## INSTRUCTIONS FOR THE TASK
All lines of the records below that contain the word "Convexity" must be listed.

## DATA RECORDS
+++++

(* The distance to the segment se, p |-> d(p, se), is a convex function of p
   vanishing at s.  Convexity bounds it on the bounding box by its values at the
   four corners.  Convexity together with d(s, se) = 0 makes it nondecreasing
   along every ray from s, so the entry point l1 (resp. u1) of the lower (upper)
   bounding ray is no farther from se than the point of P lying on that ray.
   Finally, since se is not in Q, one coordinate of e has the sign opposite to
   that coordinate on Q; pushing a point of Q away from the corresponding axis
   then increases its distance to se.  Hence both corners on the side of the box
   nearest to that axis are dominated by the points of P realising the extreme
   values of the other coordinate, and at most two corners exceed d^max. *)

Lemma clamp01_bounds t : 0 <= clamp01 t <= 1.
Proof. unfold clamp01, Rmax, Rmin; repeat destruct Rle_dec; lra. Qed.

Lemma clamp01_nearest c t : 0 <= t <= 1 -> (clamp01 c - c)² <= (t - c)².
Proof.
  intros Ht; pose proof (Rle_0_sqr (t - c)); unfold clamp01, Rmax, Rmin, Rsqr in *.
  repeat destruct Rle_dec; nra.
Qed.

Lemma dseg_attained px py ex ey :
  exists t, 0 <= t <= 1 /\ dseg (px, py) (ex, ey) = dist_euc px py (t * ex) (t * ey).
Proof.
  eexists; split; [apply clamp01_bounds|].
  unfold dseg, dist_euc; rewrite !Rsqr_pow2; reflexivity.
Qed.

Lemma dseg_le_dist px py ex ey t : 0 <= t <= 1 ->
  dseg (px, py) (ex, ey) <= dist_euc px py (t * ex) (t * ey).
Proof.
  intros Ht; unfold dseg, dist_euc; rewrite <- !Rsqr_pow2; apply sqrt_le_1_alt.
  set (E := ex * ex + ey * ey); set (c := (px * ex + py * ey) / E).
  destruct (Req_dec E 0) as [HE | HE].
  - assert (ex = 0 /\ ey = 0) as [-> ->] by (unfold E in HE; nra).
    unfold Rsqr; lra.
  - assert (Hsq : forall s, (px - s * ex)² + (py - s * ey)² = E * (s - c)² + (px² + py² - E * c²))
      by (intros s; unfold c, E, Rsqr in *; field; exact HE).
    rewrite !Hsq.
    assert (0 < E) by (unfold E in *; nra).
    pose proof (clamp01_nearest c t Ht); nra.
Qed.

Lemma dseg_nonneg p e : 0 <= dseg p e.
Proof. destruct p, e; apply sqrt_pos. Qed.

Lemma dseg_origin e : dseg (0, 0) e = 0.
Proof.
  destruct e as [ex ey]; apply Rle_antisym; [|apply dseg_nonneg].
  eapply Rle_trans; [apply (dseg_le_dist 0 0 ex ey 0); lra|].
  rewrite !Rmult_0_l, distance_refl; apply Rle_refl.
Qed.

Lemma dist_euc_scaled l x0 y0 x1 y1 a0 b0 a1 b1 : 0 <= l ->
  a0 - a1 = l * (x0 - x1) -> b0 - b1 = l * (y0 - y1) ->
  dist_euc a0 b0 a1 b1 = l * dist_euc x0 y0 x1 y1.
Proof.
  intros Hl Ha Hb; unfold dist_euc.
  rewrite Ha, Hb, !Rsqr_mult, <- Rmult_plus_distr_l, sqrt_mult_alt, sqrt_Rsqr;
    [reflexivity | exact Hl | apply Rle_0_sqr].
Qed.

Lemma dseg_convex px py qx qy e l : 0 <= l <= 1 ->
  dseg (l * px + (1 - l) * qx, l * py + (1 - l) * qy) e
    <= l * dseg (px, py) e + (1 - l) * dseg (qx, qy) e.
Proof.
  destruct e as [ex ey]; intros Hl.
  destruct (dseg_attained px py ex ey) as [t [Ht ->]].
  destruct (dseg_attained qx qy ex ey) as [t' [Ht' ->]].
  eapply Rle_trans; [apply (dseg_le_dist _ _ _ _ (l * t + (1 - l) * t')); split; nra|].
  set (mx := l * (t * ex) + (1 - l) * qx); set (my := l * (t * ey) + (1 - l) * qy).
  eapply Rle_trans; [apply (triangle _ _ _ _ mx my)|].
  rewrite (dist_euc_scaled l px py (t * ex) (t * ey) _ _ mx my),
          (dist_euc_scaled (1 - l) qx qy (t' * ex) (t' * ey) mx my); unfold mx, my;
    try ring; lra.
Qed.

+++++

## ANSWER SECTION
   vanishing at s.  Convexity bounds it on the bounding box by its values at the
   four corners.  Convexity together with d(s, se) = 0 makes it nondecreasing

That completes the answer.